▶ WHAT TO DO
Your answer should consist of the lines in the listing that hold "match".
■ ■ ■ ■ ■ ■ ■
(* Suppose $p\in\mathbb{C}[z_1,z_2]$ is semi-stable. Then all common zeros of $p$ and $\tilde p$ in $\mathbb{C}_\infty\times\mathbb{C}_\infty$ lie in $(\mathbb{D}\times\mathbb{D}^{-1})\cup\mathbb{T}^2\cup(\mathbb{D}^{-1}\times\mathbb{D})$.
   Context: $\mathbb{D}$ is the open unit disk, $\mathbb{T}$ the unit circle, $\mathbb{C}_\infty=\mathbb{C}\cup\{\infty\}$, $\mathbb{D}^{-1}=\{z\in\mathbb{C}:|z|>1\}\cup\{\infty\}$. For $p$ of bidegree $(n,m)$, $\tilde p(z)=z_1^nz_2^m\overline{p(1/\bar z_1,1/\bar z_2)}$; $p$ is semi-stable if it has no zeros in $\mathbb{D}^2$ and $p,\tilde p$ have no common factor. Zeros at infinity for a polynomial $f$ of bidegree $(n,m)$: $f(a,\infty)=0$ means $z_2^mf(a,1/z_2)$ vanishes at $z_2=0$; $f(\infty,b)=0$ means $z_1^nf(1/z_1,b)$ vanishes at $z_1=0$; $f(\infty,\infty)=0$ means $z_1^nz_2^mf(1/z_1,1/z_2)$ vanishes at $(0,0)$. *)

From HB Require Import structures.
From mathcomp Require Import all_boot all_order all_algebra.
From mathcomp Require Import complex.
From mathcomp Require Import reals.
Set Implicit Arguments. Unset Strict Implicit. Unset Printing Implicit Defensive.
Import Order.TTheory GRing.Theory Num.Theory.
Local Open Scope ring_scope.
Local Open Scope complex_scope.

(* Bivariate polynomials in C[z1,z2] are represented as {poly {poly C}}:
   the outer variable is z2, the inner one is z1.
   coef2 p i j = coefficient of z1^i z2^j. *)
Section Bivariate.
Variable R : realType.
Local Notation C := (R[i]).

Definition coef2 (p : {poly {poly C}}) (i j : nat) : C := (p`_j)`_i.

Definition mk2 (n m : nat) (c : nat -> nat -> C) : {poly {poly C}} :=
  \poly_(j < m.+1) \poly_(i < n.+1) c i j.

Definition eval2 (p : {poly {poly C}}) (a b : C) : C := (p.[b%:P]).[a].

Definition deg1 (p : {poly {poly C}}) : nat :=
  (\max_(j < size p) (size (p`_j)%R).-1)%N.
Definition deg2 (p : {poly {poly C}}) : nat := (size p).-1.

Definition has_bidegree (p : {poly {poly C}}) (n m : nat) : Prop :=
  p != 0 /\ deg1 p = n /\ deg2 p = m.
(* Let $I$ be an index set and $P_r,Q_r\in GL(n,\mathbb C)$ for $r\in I$. There exists a biholomorphic map $f\colon\mathbb C^n\to\mathbb C^n$ with $f(P_rw)=Q_rf(w)$ for all $w\in\mathbb C^n$, $r\in I$, if and only if there exists $C\in GL(n,\mathbb C)$ with $CP_r=Q_rC$ for all $r\in I$. *)

From Stdlib Require Import Reals Arith.
Open Scope R_scope.

Definition C : Type := (R * R)%type.
Definition C0 : C := (0, 0).
Definition C1 : C := (1, 0).
Definition Cadd (a b : C) : C := (fst a + fst b, snd a + snd b).
Definition Copp (a : C) : C := (- fst a, - snd a).
Definition Cmul (a b : C) : C :=
  (fst a * fst b - snd a * snd b, fst a * snd b + snd a * fst b).
Definition Cnorm (a : C) : R := sqrt (fst a ^ 2 + snd a ^ 2).

Definition idx (n : nat) : Type := {i : nat | (i < n)%nat}.
Definition vec (n : nat) : Type := idx n -> C.
Definition mat (n : nat) : Type := idx n -> idx n -> C.

Fixpoint Csum (k : nat) (g : nat -> C) : C :=
  match k with O => C0 | S k' => Cadd (Csum k' g) (g k') end.
Fixpoint Rsum (k : nat) (g : nat -> R) : R :=
  match k with O => 0 | S k' => Rsum k' g + g k' end.

Definition Csum_idx (n : nat) (g : idx n -> C) : C :=
  Csum n (fun j => match lt_dec j n with
                   | left h => g (exist _ j h)
                   | right _ => C0 end).
Definition Rsum_idx (n : nat) (g : idx n -> R) : R :=
  Rsum n (fun j => match lt_dec j n with
                   | left h => g (exist _ j h)
                   | right _ => 0 end).

Definition vadd {n} (v w : vec n) : vec n := fun i => Cadd (v i) (w i).
Definition vsub {n} (v w : vec n) : vec n := fun i => Cadd (v i) (Copp (w i)).
(** Norm on C^n (l^1 norm; all norms on C^n are equivalent). *)
Definition vnorm {n} (v : vec n) : R := Rsum_idx n (fun i => Cnorm (v i)).

Definition mat_vec {n} (M : mat n) (w : vec n) : vec n :=
  fun i => Csum_idx n (fun j => Cmul (M i j) (w j)).
Definition mat_mul {n} (A B : mat n) : mat n :=
  fun i k => Csum_idx n (fun j => Cmul (A i j) (B j k)).
Definition mat_id (n : nat) : mat n :=
  fun i j => if Nat.eqb (proj1_sig i) (proj1_sig j) then C1 else C0.

Definition GL (n : nat) (A : mat n) : Prop :=
  exists B : mat n, mat_mul A B = mat_id n /\ mat_mul B A = mat_id n.

(** f : C^n -> C^n is complex (Frechet) differentiable at z, with
    complex-linear derivative given by the matrix L. *)
Definition C_diff_at {n} (f : vec n -> vec n) (z : vec n) (L : mat n) : Prop :=
  forall eps, 0 < eps -> exists delta, 0 < delta /\
    forall h : vec n, vnorm h < delta ->
      vnorm (vsub (vsub (f (vadd z h)) (f z)) (mat_vec L h)) <= eps * vnorm h.

Definition holomorphic {n} (f : vec n -> vec n) : Prop :=
  forall z : vec n, exists L : mat n, C_diff_at f z L.

Definition biholomorphic {n} (f : vec n -> vec n) : Prop :=
  holomorphic f /\ exists g : vec n -> vec n,
    holomorphic g /\ (forall w, g (f w) = w) /\ (forall w, f (g w) = w).

(* If C intertwines the P_r and Q_r, the linear map w |-> C w is the required
   biholomorphism.  Conversely, 0 is fixed by every P_r, so differentiating
   f (P_r w) = Q_r (f w) at 0 with the chain rule gives C P_r = Q_r C for the
   complex derivative C = Df(0), and differentiating f o f^-1 = id shows that
   C is invertible.  Equalities of derivatives come from their uniqueness: a
   linear map which is o(|h|) at 0 vanishes. *)

From Pilot Require Import Defs.
From Stdlib Require Import Reals Arith Lra Lia Psatz FunctionalExtensionality.
From Coquelicot Require Complex.
Import Defs.
Open Scope R_scope.

Lemma C_eq (a b : C) : fst a = fst b -> snd a = snd b -> a = b.
Proof. destruct a, b; simpl; intros; subst; reflexivity. Qed.

Ltac Csolve := apply C_eq; unfold Cadd, Cmul, Copp, C0, C1; simpl; ring.

(* [C] and its operations coincide definitionally with Coquelicot's complex numbers. *)
Lemma Cnorm_add_le a b : Cnorm (Cadd a b) <= Cnorm a + Cnorm b.
Proof. exact (Complex.Cmod_triangle a b). Qed.
Lemma Cnorm_mul a b : Cnorm (Cmul a b) = Cnorm a * Cnorm b.
Proof. exact (Complex.Cmod_mult a b). Qed.
Lemma Cnorm_opp a : Cnorm (Copp a) = Cnorm a.
Proof. exact (Complex.Cmod_opp a). Qed.
Lemma Cnorm_ge0 a : 0 <= Cnorm a.
Proof. exact (Complex.Cmod_ge_0 a). Qed.
Lemma Cnorm_eq0 a : Cnorm a = 0 -> a = C0.
Proof. exact (Complex.Cmod_eq_0 a). Qed.
Lemma Cnorm_real t : Cnorm (t, 0) = Rabs t.
Proof. exact (Complex.Cmod_R t). Qed.

Lemma idx_eq n (i j : idx n) : proj1_sig i = proj1_sig j -> i = j.
Proof.
  destruct i as [i hi], j as [j hj]; simpl; intros <-.
  f_equal; apply Peano_dec.le_unique.
Qed.

Lemma Csum_ext k g h : (forall j, (j < k)%nat -> g j = h j) -> Csum k g = Csum k h.
Proof.
  induction k as [|k IH]; simpl; intros E; auto.
  rewrite IH, E by (lia || intros; apply E; lia); reflexivity.
Qed.

Lemma Csum_add k g h : Csum k (fun j => Cadd (g j) (h j)) = Cadd (Csum k g) (Csum k h).
Proof. induction k as [|k IH]; simpl; [|rewrite IH]; Csolve. Qed.

Lemma Csum_mull k a g : Csum k (fun j => Cmul a (g j)) = Cmul a (Csum k g).
Proof. induction k as [|k IH]; simpl; [|rewrite IH]; Csolve. Qed.

Lemma Csum_mulr k a g : Csum k (fun j => Cmul (g j) a) = Cmul (Csum k g) a.
Proof. induction k as [|k IH]; simpl; [|rewrite IH]; Csolve. Qed.

Lemma Csum_eq0 k g : (forall j, (j < k)%nat -> g j = C0) -> Csum k g = C0.
Proof.
  induction k as [|k IH]; simpl; intros E; auto.
  rewrite IH, E by (lia || intros; apply E; lia); Csolve.
Qed.

Lemma Csum_swap k m (g : nat -> nat -> C) :
  Csum k (fun i => Csum m (g i)) = Csum m (fun j => Csum k (fun i => g i j)).
Proof.
  induction k as [|k IH]; simpl.
  - symmetry; apply Csum_eq0; auto.
  - rewrite IH, <- Csum_add; reflexivity.
Qed.

Lemma Csum_delta k g j :
  (j < k)%nat -> (forall i, (i < k)%nat -> i <> j -> g i = C0) -> Csum k g = g j.
Proof.
  induction k as [|k IH]; intros Hj E; [lia|]; simpl.
  destruct (Nat.eq_dec j k) as [->|Hjk].
  - rewrite Csum_eq0 by (intros; apply E; lia); Csolve.
  - rewrite IH, (E k) by (lia || intros; apply E; lia); Csolve.
Qed.

Lemma Csum_idx_add n g h :
  Csum_idx n (fun j => Cadd (g j) (h j)) = Cadd (Csum_idx n g) (Csum_idx n h).
Proof.
  unfold Csum_idx; rewrite <- Csum_add; apply Csum_ext; intros j _.
  destruct (lt_dec j n); [reflexivity | Csolve].
Qed.

Lemma Csum_idx_mull n a g : Csum_idx n (fun j => Cmul a (g j)) = Cmul a (Csum_idx n g).
Proof.
  unfold Csum_idx; rewrite <- Csum_mull; apply Csum_ext; intros j _.
  destruct (lt_dec j n); [reflexivity | Csolve].
Qed.

Lemma Csum_idx_mulr n a g : Csum_idx n (fun j => Cmul (g j) a) = Cmul (Csum_idx n g) a.
Proof.
  unfold Csum_idx; rewrite <- Csum_mulr; apply Csum_ext; intros j _.
  destruct (lt_dec j n); [reflexivity | Csolve].
Qed.

Lemma Csum_idx_eq0 n g : (forall j, g j = C0) -> Csum_idx n g = C0.
Proof.
  intros E; unfold Csum_idx; apply Csum_eq0; intros j _.
  destruct (lt_dec j n); auto.
Qed.

Lemma Csum_idx_swap n (g : idx n -> idx n -> C) :
  Csum_idx n (fun i => Csum_idx n (g i)) = Csum_idx n (fun j => Csum_idx n (fun i => g i j)).
Proof.
  unfold Csum_idx.
  set (G i j := match lt_dec i n, lt_dec j n with
                | left hi, left hj => g (exist _ i hi) (exist _ j hj)
                | _, _ => C0 end).
  transitivity (Csum n (fun i => Csum n (G i))); [|rewrite Csum_swap];
    apply Csum_ext; intros k hk; unfold G; destruct (lt_dec k n); try lia;
    apply Csum_ext; intros m _; destruct (lt_dec m n); reflexivity.
Qed.

Lemma Csum_idx_delta n (g : idx n -> C) j :
  (forall i, i <> j -> g i = C0) -> Csum_idx n g = g j.
Proof.
  intros E; unfold Csum_idx; destruct j as [j hj].
  rewrite (Csum_delta _ _ j hj).
  - destruct (lt_dec j n); [|lia]. f_equal; apply idx_eq; reflexivity.
  - intros i hi Hij; destruct (lt_dec i n); auto.
    apply E; intros Eij; apply Hij; inversion Eij; auto.
Qed.

Lemma Rsum_le k g h : (forall j, (j < k)%nat -> g j <= h j) -> Rsum k g <= Rsum k h.
Proof.
  induction k as [|k IH]; simpl; intros E; [lra|].
  apply Rplus_le_compat; [apply IH; intros|apply E]; auto.
Qed.

Lemma Rsum_ge0 k g : (forall j, (j < k)%nat -> 0 <= g j) -> 0 <= Rsum k g.
Proof.
  induction k as [|k IH]; simpl; intros E; [lra|].
  apply Rplus_le_le_0_compat; [apply IH; intros|apply E]; auto.
Qed.

Lemma Rsum_add k g h : Rsum k (fun j => g j + h j) = Rsum k g + Rsum k h.
Proof. induction k as [|k IH]; simpl; [|rewrite IH]; ring. Qed.

Lemma Rsum_mulr k a g : Rsum k (fun j => g j * a) = Rsum k g * a.
Proof. induction k as [|k IH]; simpl; [|rewrite IH]; ring. Qed.

Lemma Rsum_ge_term k g j :
  (j < k)%nat -> (forall i, (i < k)%nat -> 0 <= g i) -> g j <= Rsum k g.
Proof.
  induction k as [|k IH]; intros Hj E; [lia|]; simpl.
  destruct (Nat.eq_dec j k) as [->|Hjk].
  - pose proof (Rsum_ge0 k g ltac:(auto)); lra.
  - pose proof (IH ltac:(lia) ltac:(auto)); pose proof (E k ltac:(lia)); lra.
Qed.

Lemma Rsum_idx_le n g h : (forall j, g j <= h j) -> Rsum_idx n g <= Rsum_idx n h.
Proof.
  intros E; unfold Rsum_idx; apply Rsum_le; intros j _.
  destruct (lt_dec j n); [apply E|lra].
Qed.

Lemma Rsum_idx_ge0 n g : (forall j, 0 <= g j) -> 0 <= Rsum_idx n g.
Proof.
  intros E; unfold Rsum_idx; apply Rsum_ge0; intros j _.
  destruct (lt_dec j n); [apply E|lra].
Qed.

Lemma Rsum_idx_add n g h : Rsum_idx n (fun j => g j + h j) = Rsum_idx n g + Rsum_idx n h.
Proof.
  unfold Rsum_idx; rewrite <- Rsum_add; f_equal; extensionality j.
  destruct (lt_dec j n); [reflexivity|ring].
Qed.

Lemma Rsum_idx_mulr n a g : Rsum_idx n (fun j => g j * a) = Rsum_idx n g * a.
Proof.
  unfold Rsum_idx; rewrite <- Rsum_mulr; f_equal; extensionality j.
  destruct (lt_dec j n); [reflexivity|ring].
Qed.

Lemma Rsum_idx_ge_term n g j : (forall i, 0 <= g i) -> g j <= Rsum_idx n g.
Proof.
  intros E; unfold Rsum_idx; destruct j as [j hj].
  eapply Rle_trans; [|apply (Rsum_ge_term _ _ j hj)].
  - cbv beta; destruct (lt_dec j n); [|lia]. right; f_equal; apply idx_eq; reflexivity.
  - intros i _; destruct (lt_dec i n); [apply E|lra].
Qed.

Lemma Cnorm_Csum k g : Cnorm (Csum k g) <= Rsum k (fun j => Cnorm (g j)).
Proof.
  induction k as [|k IH]; simpl.
  - unfold C0; rewrite Cnorm_real, Rabs_R0; lra.
  - eapply Rle_trans; [apply Cnorm_add_le|lra].
Qed.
■ ■ ■ ■ ■ ■ ■
▶ FINISHED TASK
  match k with O => C0 | S k' => Cadd (Csum k' g) (g k') end.
  match k with O => 0 | S k' => Rsum k' g + g k' end.
  Csum n (fun j => match lt_dec j n with
  Rsum n (fun j => match lt_dec j n with
  set (G i j := match lt_dec i n, lt_dec j n with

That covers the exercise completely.